Injured veterans ‘laughed at’ and ‘belittled’ by military officials making payouts. One mocked for being “Welsh”

10 comments
  1. Behind the paywall:

    A current serving officer with 26 years of service was subjected to derogatory and insulting remarks about his nationality and intelligence during a consultation with a civilian panel advising the MoD on his AFCS claim.

    During a 10-minute recess in the online meeting the legal team forgot to mute their microphones, during which the officer heard them mocking his defence of his claim.

    “They laughed and said, well, he is Welsh. He doesn’t understand why he is here. He can’t be that intelligent given he doesn’t know why he’s here,” the officer told The Telegraph.

    The case was described as “kicking a can down the road” with one panel member adding “if he knows what’s best he should withdraw the claim”, the claimant said.

    Referring to a previous injury when the officer was blown up in Afghanistan in 2009, one panel member said he “did not look like [he’d] had a blast injury”, a comment that made other board members laugh, the officer said.

    The panel then proceeded to discuss sensitive information relating to other individuals

    At one point the judge remarked it was a good job the discussion was not recorded.
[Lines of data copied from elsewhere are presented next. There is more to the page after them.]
Lemma Cmult_nonzero_cancel (a x : C) : a <> 0 -> a * x = 0 -> x = 0.
Proof. intros Ha H. replace x with (/ a * (a * x)) by (field; exact Ha). rewrite H. ring. Qed.

Lemma Csub_eq0 (a b : C) : a - b = 0 -> a = b.
Proof. intros H. replace a with (a - b + b) by ring. rewrite H. ring. Qed.

Lemma is_series_C_lin (f g : nat -> C) (lf lg al be : C) :
  is_series f lf -> is_series g lg ->
  is_series (fun n => al * f n + be * g n) (al * lf + be * lg).
Proof.
  intros Hf Hg.
  exact (@is_series_plus C_AbsRing C_NormedModule _ _ _ _
           (@is_series_scal C_AbsRing C_NormedModule al f lf Hf)
           (@is_series_scal C_AbsRing C_NormedModule be g lg Hg)).
Qed.

Lemma is_series_C_unique (f : nat -> C) (l1 l2 : C) :
  is_series f l1 -> is_series f l2 -> l1 = l2.
Proof.
  exact (@filterlim_locally_unique nat C_AbsRing C_NormedModule eventually _ _ _ _).
Qed.

Lemma is_series_C_null (f : nat -> C) : (forall n, f n = 0) -> is_series f (0 : C).
Proof.
  intros Hf. unfold is_series.
  eapply filterlim_ext; [|exact (filterlim_const (F := eventually) (0 : C))].
  intros n. unfold sum_n. rewrite (sum_n_m_ext _ (fun _ => zero)) by exact Hf.
  now rewrite sum_n_m_const_zero.
Qed.

Lemma is_series_C_shift (f : nat -> C) (l : C) :
  is_series (fun n => f (S n)) l -> is_series f (f O + l).
Proof.
  intros H. apply (@is_series_decr_1 C_AbsRing C_NormedModule).
  match goal with |- is_series _ ?x => replace x with l; [exact H|] end.
  change (l = (f O + l) + - f O). ring.
Qed.

Definition Cseries (f : nat -> C) : C :=
  epsilon (inhabits (0 : C)) (fun l => is_series f l).

Lemma Cseries_spec (f : nat -> C) : ex_series f -> is_series f (Cseries f).
Proof. intros H. exact (epsilon_spec _ _ H). Qed.

Lemma Cseries_eq (f : nat -> C) (l : C) : is_series f l -> Cseries f = l.
Proof.
  intros H. apply (is_series_C_unique f); [apply Cseries_spec; now exists l | exact H].
Qed.

(** * Enumerating walks *)

Definition next_R (A : arc) : arc := ((terminus A + 1)%Z, Rd).
Definition next_L (A : arc) : arc := ((terminus A - 1)%Z, Ld).

Definition prev_R (B : arc) : arc := (origin B, Rd).
Definition prev_L (B : arc) : arc := (origin B, Ld).

Lemma next_cases (A B : arc) : origin B = terminus A -> B = next_R A \/ B = next_L A.
Proof.
  destruct B as [m []]; unfold origin, next_R, next_L; simpl; intros H;
    [left | right]; f_equal; lia.
Qed.

Lemma origin_next_R (A : arc) : origin (next_R A) = terminus A.
Proof. unfold next_R, origin; simpl; lia. Qed.

Lemma origin_next_L (A : arc) : origin (next_L A) = terminus A.
Proof. unfold next_L, origin; simpl; lia. Qed.

Definition dir_eq_dec (d e : dir) : {d = e} + {d <> e}.
Proof. decide equality. Defined.

Definition arc_delta (A B : arc) : C :=
  if Z.eq_dec (fst A) (fst B) then if dir_eq_dec (snd A) (snd B) then 1 else 0 else 0.

Fixpoint walks_to (A : arc) (L : nat) (q : Z) : list (list arc) :=
  match L with
  | O => if Z.eq_dec (terminus A) q then [[A]] else []
  | S L' => map (cons A) (walks_to (next_R A) L' q ++ walks_to (next_L A) L' q)
  end.

Lemma walks_to_spec (A : arc) (L : nat) (q : Z) (g : list arc) :
  In g (walks_to A L q) <->
  hd_error g = Some A /\ chain g /\ length g = S L /\ terminus (last g (0%Z, Rd)) = q.
Proof.
  revert A g; induction L as [|L IH]; intros A g; simpl.
  - destruct (Z.eq_dec (terminus A) q) as [E|E]; simpl; split.
    + intros [<-|[]]; simpl; auto.
    + intros (H1 & _ & H3 & _). destruct g as [|x [|y g']]; try discriminate.
      inversion H1; subst; now left.
    + intros [].
    + intros (H1 & _ & H3 & H4). destruct g as [|x [|y g']]; try discriminate.
      inversion H1; subst. contradiction.
  - rewrite in_map_iff. split.
    + intros [g0 [<- Hin]]. apply in_app_or in Hin.
      destruct Hin as [Hin|Hin]; apply IH in Hin; destruct Hin as (H1 & H2 & H3 & H4);
        destruct g0 as [|y g1]; try discriminate; inversion H1; subst y;
        (split; [reflexivity|]);
        (split; [split; [first [apply origin_next_R | apply origin_next_L] | exact H2]|]);
        (simpl in *; split; [lia | exact H4]).
    + intros (H1 & H2 & H3 & H4). destruct g as [|x [|y g']]; try discriminate.
      inversion H1; subst x. exists (y :: g'). split; [reflexivity|].
      destruct H2 as [H2 H2']. apply in_or_app.
      destruct (next_cases A y H2) as [->| ->]; [left | right]; apply IH; auto.
Qed.
Lemma target_form_or_target C c E D :
  prv (Imp (target_form C (Or c E) D) (And (And (Neg c) (Box (Neg c))) (target_form C E D))).
Proof.
  apply taut_mp1 with (Imp (And (Neg (Or c E)) (Box (Neg (Or c E))))
    (And (And (Neg c) (Box (Neg c))) (And (Neg E) (Box (Neg E)))));
    [unfold target_form; taut|apply prv_neg_or].
Qed.

Lemma target_form_mono C E E' D :
  prv (Imp E E') -> prv (Imp (target_form C E' D) (target_form C E D)).
Proof.
  intro H. apply taut_mp2 with (Imp E E') (Imp (Box (Neg E')) (Box (Neg E)));
    [unfold target_form; taut|exact H|].
  apply prv_box_mono. apply taut_mp1 with (Imp E E'); [taut|exact H].
Qed.

Section MaximalConsistent.

Variable X : formula -> Prop.
Hypothesis HX : mcs X.

Lemma mcs_box_big_and L : (forall x, In x L -> X (Box x)) -> X (Box (big_and L)).
Proof.
  induction L as [|a L IH]; simpl; intro H.
  - apply (mcs_prv _ HX), r_nec, ax_taut; taut.
  - apply (mcs_mp _ HX) with (Box (big_and L)); [|apply IH; auto].
    apply (mcs_mp _ HX) with (Box (Imp (big_and L) (And a (big_and L)))); [apply (mcs_prv _ HX), ax_K|].
    apply (mcs_prv_mp _ HX) with (Box a); [apply prv_box_mono, ax_taut; taut|auto].
Qed.

(* [Good] is a directed family of formulas, each possible at [X], bounding the finite
   parts of [P]. *)
Lemma mcs_successor (P Good : formula -> Prop) :
  (exists g, Good g) ->
  (forall a g, P a -> Good g -> exists g', Good g' /\ prv (Imp g' (And a g))) ->
  (forall g, Good g -> ~ X (Box (Neg g))) ->
  exists Y, mcs Y /\ gl_succ X Y /\ (forall a, P a -> Y a).
Proof.
  intros Hg0 Hstep Hpos.
  set (boxed := fun A => exists D, X (Box D) /\ (A = D \/ A = Box D)).
  destruct (lindenbaum (fun A => boxed A \/ P A)) as [Y [HY HGY]].
  - intros [L [HL Hp]].
    destruct (derives_split _ _ L Bot HL Hp) as [LB [LP [HLB [HLP Hsplit]]]].
    destruct (directed_big_and P Good Hg0 Hstep LP HLP) as [g [Hg Hgc]].
    apply (Hpos g Hg). apply (mcs_prv_mp _ HX) with (Box (big_and LB)).
    + apply prv_box_mono.
      apply taut_mp2 with (Imp (big_and LB) (Imp (big_and LP) Bot)) (Imp g (big_and LP));
        [taut|exact Hsplit|exact Hgc].
    + apply mcs_box_big_and. intros x Hx. destruct (HLB x Hx) as [E [HE [->| ->]]]; [exact HE|].
      exact (mcs_prv_mp _ HX _ _ (prv_box_4 E) HE).
  - exists Y. split; [exact HY|split].
    + intros D HD. split; apply HGY; left; exists D; auto.
    + intros a Ha. apply HGY; right; exact Ha.
Qed.

Lemma mcs_R1 A B C : prv (Imp A B) -> X (Rhd C A) -> X (Rhd C B).
Proof. intro H. apply (mcs_prv_mp _ HX), r_R1, H. Qed.
(* Let $X$ be an Alexandroff $T_0$-space and let $\varphi:\mathbb{R}\times X\rightarrow X$ be a flow. Then $\varphi$ is trivial, i.e. $\varphi(t,x)=x$ for every $t\in\mathbb{R}$ and every $x\in X$.
   Context: An Alexandroff space is a topological space in which arbitrary intersections of open sets are open. A flow on a topological space $X$ is a continuous map $\varphi:\mathbb{R}\times X\to X$ (with $\mathbb{R}$ carrying its usual topology and $\mathbb{R}\times X$ the product topology) such that $\varphi(0,x)=x$ and $\varphi(s+t,x)=\varphi(s,\varphi(t,x))$ for all $s,t\in\mathbb{R}$, $x\in X$. *)

From HB Require Import structures.
From mathcomp Require Import all_boot all_order all_algebra.
From mathcomp Require Import all_classical all_reals all_analysis.
Set Implicit Arguments. Unset Strict Implicit. Unset Printing Implicit Defensive.
Import Order.TTheory GRing.Theory Num.Theory.
Import numFieldTopology.Exports numFieldNormedType.Exports.
Local Open Scope classical_set_scope.
Local Open Scope ring_scope.

Definition alexandroff_space (X : topologicalType) : Prop :=
  forall (F : set (set X)), (forall A, F A -> open A) ->
    open (\bigcap_(A in F) A).

Definition is_flow (R : realType) (X : topologicalType) (phi : R * X -> X) : Prop :=
  continuous phi /\
  (forall x, phi (0, x) = x) /\
  (forall s t x, phi (s + t, x) = phi (s, phi (t, x))).

From HB Require Import structures.
From mathcomp Require Import all_boot all_order all_algebra.
From mathcomp Require Import all_classical all_reals all_analysis.
Import Order.TTheory GRing.Theory Num.Theory.
Import numFieldTopology.Exports numFieldNormedType.Exports.
Local Open Scope classical_set_scope.
Local Open Scope ring_scope.

(* Write [specializes y x] when every open set containing x
   also contains y (the specialization preorder); in a T0 space it is
   antisymmetric, and in an Alexandroff space each point x has an open
   neighbourhood consisting of points specializing x (the intersection of
   all open sets around x).  Joint continuity of the flow at (t, x) yields a
   time-window of radius e around t which works simultaneously for all
   points specializing x.  Taking t = 0 and the minimal neighbourhood of x,
   every phi(s, x) with |s| < e specializes x; applying the monotone map
   phi(s, -) to phi(-s, x) <= x gives the reverse relation, so T0 forces
   phi(s, x) = x for |s| < e.  Finally the set of times fixing x is closed
   under addition and contains (-e, e), hence by the Archimedean property
   it is all of R. *)

Definition specializes (X : topologicalType) (y x : X) : Prop :=
  forall A : set X, open A -> A x -> A y.
Arguments specializes {X}.

Lemma nbhs_specializes (X : topologicalType) (x y : X) (Q : set X) :
  specializes y x -> nbhs x Q -> Q y.
Proof.
by move=> yx; rewrite nbhsE => -[A [oA Ax] AQ]; apply: AQ; apply: yx.
Qed.
Arguments nbhs_specializes {X x y Q}.

Lemma specializes_antisym (X : topologicalType) (x y : X) :
  kolmogorov_space X -> specializes y x -> specializes x y -> x = y.
Proof.
move=> T0 yx xy; apply/eqP/negPn/negP => /T0 [A [[]|[]]].
- by rewrite inE => /(nbhs_specializes yx) Ay; rewrite inE.
- by rewrite inE => /(nbhs_specializes xy) Ax; rewrite inE.
Qed.

Lemma alexandroff_minimal_nbhs (X : topologicalType) (x : X) :
  alexandroff_space X ->
  exists U : set X, [/\ open U, U x & forall y, U y -> specializes y x].
Proof.
move=> alex; exists (\bigcap_(A in [set A : set X | open A /\ A x]) A).
split; first by apply: alex => A [].
- by move=> A [].
- by move=> y Uy A oA Ax; apply: Uy.
Qed.
Arguments alexandroff_minimal_nbhs {X}.

Lemma continuous_uniform_specializes (R : realType) (X : topologicalType)
    (phi : R * X -> X) (t : R) (x : X) (B : set X) :
  continuous phi -> open B -> B (phi (t, x)) ->
  exists2 e : R, 0 < e &
    forall s y, `|t - s| < e -> specializes y x -> B (phi (s, y)).
Proof.
move=> cphi oB Btx.
have : nbhs (t, x) (phi @^-1` B).
  by apply: (cphi (t, x)); apply: open_nbhs_nbhs.
case=> -[P Q] /= [/nbhs_ballP [e e0 Pe] Qx] PQ.
exists e => // s y ts yx; apply: (PQ (s, y)); split => /=.
- by apply: Pe; rewrite -ball_normE.
- exact: (nbhs_specializes yx).
Qed.
Arguments continuous_uniform_specializes {R X phi t x B}.

(* A subset of R closed under addition and containing a neighbourhood of 0
   is all of R: t is a sum of n+1 copies of the small time t/(n+1). *)
Lemma additive_closed_nbhs0_total (R : realType) (P : set R) (e : R) :
  0 < e -> (forall s, `|s| < e -> P s) ->
  (forall s u, P s -> P u -> P (s + u)) -> forall t, P t.
Proof.
move=> e0 Psmall PD t.
have [n ltn] : exists n : nat, `|t| / n.+1%:R < e.
  exists (Num.Def.archi_bound (`|t| / e)).
  rewrite ltr_pdivrMr ?ltr0Sn // mulrC -ltr_pdivrMr //.
  apply: lt_le_trans (archi_boundP _) _; first by rewrite divr_ge0 // ltW.
  by rewrite ler_nat.
pose u := t / n.+1%:R.
have Pu : P u by apply: Psmall; rewrite normrM normfV normr_nat.
have Pmul : forall k : nat, P (u *+ k.+1).
  by elim=> [|k IH]; rewrite ?mulr1n // mulrS; apply: PD.
by have := Pmul n; rewrite -mulr_natr mulfVK // pnatr_eq0.
Qed.

Section AlexandroffFlow.
Variables (R : realType) (X : topologicalType) (phi : R * X -> X).
Hypothesis alex : alexandroff_space X.
Hypothesis T0 : kolmogorov_space X.
Hypothesis flow : is_flow phi.

Lemma flow_specializes (s : R) {x y : X} :
  specializes y x -> specializes (phi (s, y)) (phi (s, x)).
Proof.
move=> yx A oA Asx.
have [e e0 He] := continuous_uniform_specializes flow.1 oA Asx.
by apply: He => //; rewrite subrr normr0.
Qed.

Lemma flow_locally_stationary (x : X) :
  exists2 e : R, 0 < e & forall s, `|s| < e -> phi (s, x) = x.
Proof.
have [_ [phi0 phiD]] := flow.
have [U [oU Ux Uspec]] := alexandroff_minimal_nbhs x alex.
have U0x : U (phi (0, x)) by rewrite phi0.
have [e e0 He] := continuous_uniform_specializes flow.1 oU U0x.
have below : forall s, `|s| < e -> specializes (phi (s, x)) x.
  move=> s ltse; apply: Uspec; apply: He; last by move=> A.
  by rewrite sub0r normrN.
exists e => // s ltse; apply: specializes_antisym => //; last exact: below.
have := flow_specializes s (below (- s) _); rewrite normrN => /(_ ltse).
by rewrite -phiD subrr phi0.
Qed.

End AlexandroffFlow.
Arguments flow_locally_stationary {R X phi}.

Theorem mainTheorem4 (R : realType) (X : topologicalType)
  (phi : R * X -> X) :
  alexandroff_space X -> kolmogorov_space X -> is_flow phi ->
  forall (t : R) (x : X), phi (t, x) = x.
Proof.
move=> alex T0 flow t x.
have [_ [_ phiD]] := flow.
have [e e0 small] := flow_locally_stationary alex T0 flow x.
have fixedD : forall s u, phi (s, x) = x -> phi (u, x) = x -> phi (s + u, x) = x.
  by move=> s u Ps Pu; rewrite phiD Pu Ps.
exact: (@additive_closed_nbhs0_total R (fun s => phi (s, x) = x) e e0 small fixedD t).
Qed.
    “Hearing what they had to say about me in a manner that was derogatory and discriminating was unacceptable,” the officer said.

    “I have never felt so belittled in my life. I was angry and felt completely let down by the very system designed to support our injured soldiers.

    “I was lucky – or unlucky – enough to have heard what a typical panel of professional board members had to say about me in a tribunal.”

    He said he feared for other soldiers going through the same process “unaware of what was mentioned during their 10 -minute adjournment”.

    The President of the Chambers subsequently wrote to the officer and apologised for the “unfortunate incident” during the adjournment.

    In a letter to the officer on Aug 9, seen by The Telegraph, the Chamber President said: “I very much regret what has occurred and apologise for the offence caused to you… It sounds, from what I have been told so far, that we have fallen short today.”

    – Welsh soldiers, good enough to serve, good enough to die, but “too stupid” to be given fair compensation or hearings

    Also discusses other incidents with other soldiers injured in the line of duty and given tiny payouts while being treated with disdain

  2. I can relate to this after getting PTSD from abusive hospital ‘care’.

    The DWP will laugh down the phone at you after wrongly stopping benefits.
    I even looked up the actual laws on the statute and quoted them. They said a decision has been made and there’s nothing I could do.

    I won against them at tribunal that they never turned up for, obviously because they had no case.

    Moral of the story: when you’re down, people wIll kick you and laugh about it.

  3. Taking the piss out of people who’ve had their health fucked up by trying to serve and protect their country. Sociopaths who find the difficulties of the poor and vulnerable entertaining.

  4. So the usual lot who go on about, why are we helping refugees when we have homeless vets and we should be helping ours first.

    No doubt this is the time and the campaign you have been waiting for to get vocal and demand a change.

    Please don’t let us stop you please go ahead.

  5. Why anyone would put themselves in the armed forces to do the bidding of this government is beyond me but this story proves how little they actually care about the people who do put themselves on the line

  6. At this point the UK military is just a fighting arm of various megacorporations, if you actually join thinking you’re serving your country, your deluding yourself.
    Anyone who joins after the Iraq war must be living on a completely different planet if they think that joining the army is going to help protect British people at home.